Preimplantation Genetic Diagnosis (PGD) is a technique for diagnosing genetic abnormalities in embryos during in vitro fertilization (IVF). Similar to Embryonic Biology Testing (PGT), PGD aims to screen for specific genetic diseases or chromosomal abnormalities and select healthy embryos for transplantation to reduce the risk of transmitting genetic diseases to offspring. The following is a detailed explanation of PGD:
1. Target audience: PGD is suitable for couples who are known to carry genetic diseases, where one or both individuals carry specific genetic mutations or chromosomal abnormalities. These genetic diseases can be monogenic, such as cystic fibrosis, thalassemia, etc., or they can be chromosomal abnormalities, such as chromosomal rearrangements, chromosomal deletions, etc.
2. Process: The PGD process is combined with IVF. Firstly, using superovulation drugs to promote the production of multiple eggs in women. Then, sperm and egg are fertilized in vitro to form multiple fertilized eggs. At the 6-8 cell stage of embryonic development, one or more cells in the embryo are sampled. The sampled cells will undergo genetic analysis to determine the presence of specific genetic diseases or chromosomal abnormalities. Based on the analysis results, select healthy embryos for transplantation into the mother's uterus.

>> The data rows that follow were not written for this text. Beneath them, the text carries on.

Lemma rate_le (s : R) : 0 <= s <= 1 -> rate s <= (1 - h (1/4)) * ln 2.
Proof.
  intros Hs. rewrite <- rate_half.
  apply (concave_le_critical rate rate_deriv rate_deriv2 0 1); try lra.
  - exact is_derive_rate.
  - exact is_derive_rate_deriv.
  - exact rate_deriv2_nonpos.
  - exact rate_deriv_half.
Qed.

Lemma ln_ge_2 (r : R) : 9 <= r -> 2 <= ln r.
Proof.
  intros Hr. rewrite <- (ln_exp 2). apply ln_le; [apply exp_pos |].
  replace 2 with (1 + 1) by lra. rewrite exp_plus.
  pose proof exp_le_3. pose proof (exp_pos 1). nra.
Qed.

Lemma poly_exp_factor_le (r K : R) : 9 <= r ->
  2 * ((r + 1) * exp (r * K + 2 * (4 * ln r + 7))) <= exp (r * K) * exp (17 * ln r).
Proof.
  intros Hr. assert (Hln : 2 <= ln r) by (apply ln_ge_2; lra).
  (* [2 (r + 1) <= r^2] and [e^14 <= r^7] *)
  assert (Hsq : 2 * (r + 1) <= exp (ln r + ln r)) by (rewrite exp_plus, exp_ln by lra; nra).
  apply Rle_trans with (exp (ln r + ln r) * exp (r * K + 2 * (4 * ln r + 7))).
  - rewrite <- Rmult_assoc. apply Rmult_le_compat_r; [left; apply exp_pos | lra].
  - rewrite <- !exp_plus. apply exp_le_compat. lra.
Qed.

Lemma witness_ratio_le (n : nat) (s : R) : (9 <= n)%nat -> 0 <= s <= 1 ->
  (binomn (1 - s / 2) (s / 2 + y_opt s - s / 2) n + binomn (1 - (1 - s) / 2) (s / 2 + y_opt s) n)
    / binomn (1 / 2) (s / 2 + y_opt s - s / 2) n
  <= Rpower 2 (INR n * (1 - h (1 / 4))) * Rpower (INR n) 17.
Proof.
  intros Hn Hs. pose proof (y_opt_range s Hs) as Hy.
  replace (s / 2 + y_opt s - s / 2) with (y_opt s) by ring.
  assert (Hnr : 9 <= INR n) by (apply le_INR in Hn; simpl in Hn; lra).
  pose proof (binomn_ratio_le (1 - s / 2) (y_opt s) (1/2) (y_opt s) n ltac:(lra)
    ltac:(lra) ltac:(lra) ltac:(lra) ltac:(lra)) as B1.
  pose proof (binomn_ratio_le (1 - (1 - s) / 2) (s / 2 + y_opt s) (1/2) (y_opt s) n ltac:(lra)
    ltac:(lra) ltac:(lra) ltac:(lra) ltac:(lra)) as B2.
  set (nr := INR n) in *. set (K := (1 - h (1/4)) * ln 2).
  assert (Hflip : nr * rate (1 - s) <= nr * K) by (apply Rmult_le_compat_l, rate_le; lra).
  assert (Hrate : nr * rate s <= nr * K) by (apply Rmult_le_compat_l, rate_le; lra).
  rewrite rate_flip in Hflip. rewrite rate_binom_exponent in Hrate.
  assert (Hexp : forall z, z <= nr * K ->
    (nr + 1) * exp (z + 2 * (4 * ln nr + 7)) <= (nr + 1) * exp (nr * K + 2 * (4 * ln nr + 7))).
  { intros z Hz. apply Rmult_le_compat_l; [lra |]. apply exp_le_compat. lra. }
  pose proof (Hexp _ Hflip). pose proof (Hexp _ Hrate).
  unfold Rpower. replace (nr * (1 - h (1/4)) * ln 2) with (nr * K) by (unfold K; ring).
  rewrite Rdiv_plus_distr. apply Rle_trans with (2 := poly_exp_factor_le nr K Hnr). lra.
Qed.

3. Genetic analysis: PGD uses various genetic techniques for analysis to detect whether the embryo carries specific genetic mutations or chromosomal abnormalities. Common analysis methods include polymerase chain reaction (PCR), fluorescence in situ hybridization (FISH), whole genome amplification (WGA), and gene sequencing. The specific analysis method depends on the genetic disease or chromosomal abnormalities that need to be detected.
4. Ethical and legal issues: PGD involves genetic screening and selection of embryos, thus involving some ethical and legal issues. This includes ethical issues related to selective screening, screening, and disposal of embryos. The use and restrictions of PGD vary in different countries and regions. Before undergoing PGD, it is recommended to consult a doctor and genetic counselor to understand local regulations and ethical guidelines.
It should be noted that PGD is not 100% accurate and there is still a certain misdiagnosis rate. Furthermore, PGD does not guarantee successful pregnancy or the birth of a healthy baby. Before undergoing PGD, detailed consultation and discussion with doctors and genetic counselors should be conducted to understand its applicability, advantages, limitations, and risks. In addition, PGD requires highly professional laboratory facilities and experienced teams to execute and interpret the results.
PGD usually uses the following common analysis methods for detecting chromosomal abnormalities:
1. Fluorescence in situ hybridization (FISH): FISH is a commonly used molecular genetic technique that can be used to detect chromosomal structural and numerical abnormalities. It uses fluorescent probes to label specific chromosomal regions or numbers, and then observes the presence or absence of fluorescent signals through a microscope to determine chromosomal abnormalities. FISH can be performed quickly and has high accuracy for some common chromosomal abnormalities, such as trisomy syndrome (such as Down syndrome).
2. Whole genome amplification (WGA): WGA is a technique that amplifies the limited DNA of embryonic cells to a sufficient amount for genetic analysis. WGA can be achieved using various methods, such as PCR (polymerase chain reaction) or multi site amplification (MLPA). Through WGA, sufficient DNA can be obtained for subsequent chromosomal anomaly detection, such as chromosomal number and structural abnormalities.
3. Digital PCR: Digital PCR is a highly sensitive PCR technique that can be used to detect chromosomal abnormalities and partial chromosomal deletions. It can achieve precise counting of target sequences by dispersing DNA molecules into many small reaction regions, each with only one or zero DNA molecules. Digital PCR has high accuracy and sensitivity in detecting chromosomal abnormalities.
4. Next Generation Sequencing (NGS): NGS is an efficient gene sequencing technique that can be used to detect chromosomal number abnormalities, structural abnormalities, and chromosomal rearrangements. By sequencing the DNA of embryos, detailed genetic information can be obtained and accurate analysis of chromosomal abnormalities can be performed. The application of NGS in PGD is constantly developing, with high resolution and comprehensive genetic information.
These methods are typically used in conjunction with the PGD process to screen and analyze chromosomal abnormalities in embryos. The specific method used depends on the laboratory's technology and equipment, as well as the types of chromosomal abnormalities that need to be detected. In the PGD process, professional laboratories and experienced teams will choose the most suitable analytical method based on specific situations, and ensure the accuracy and reliability of the results.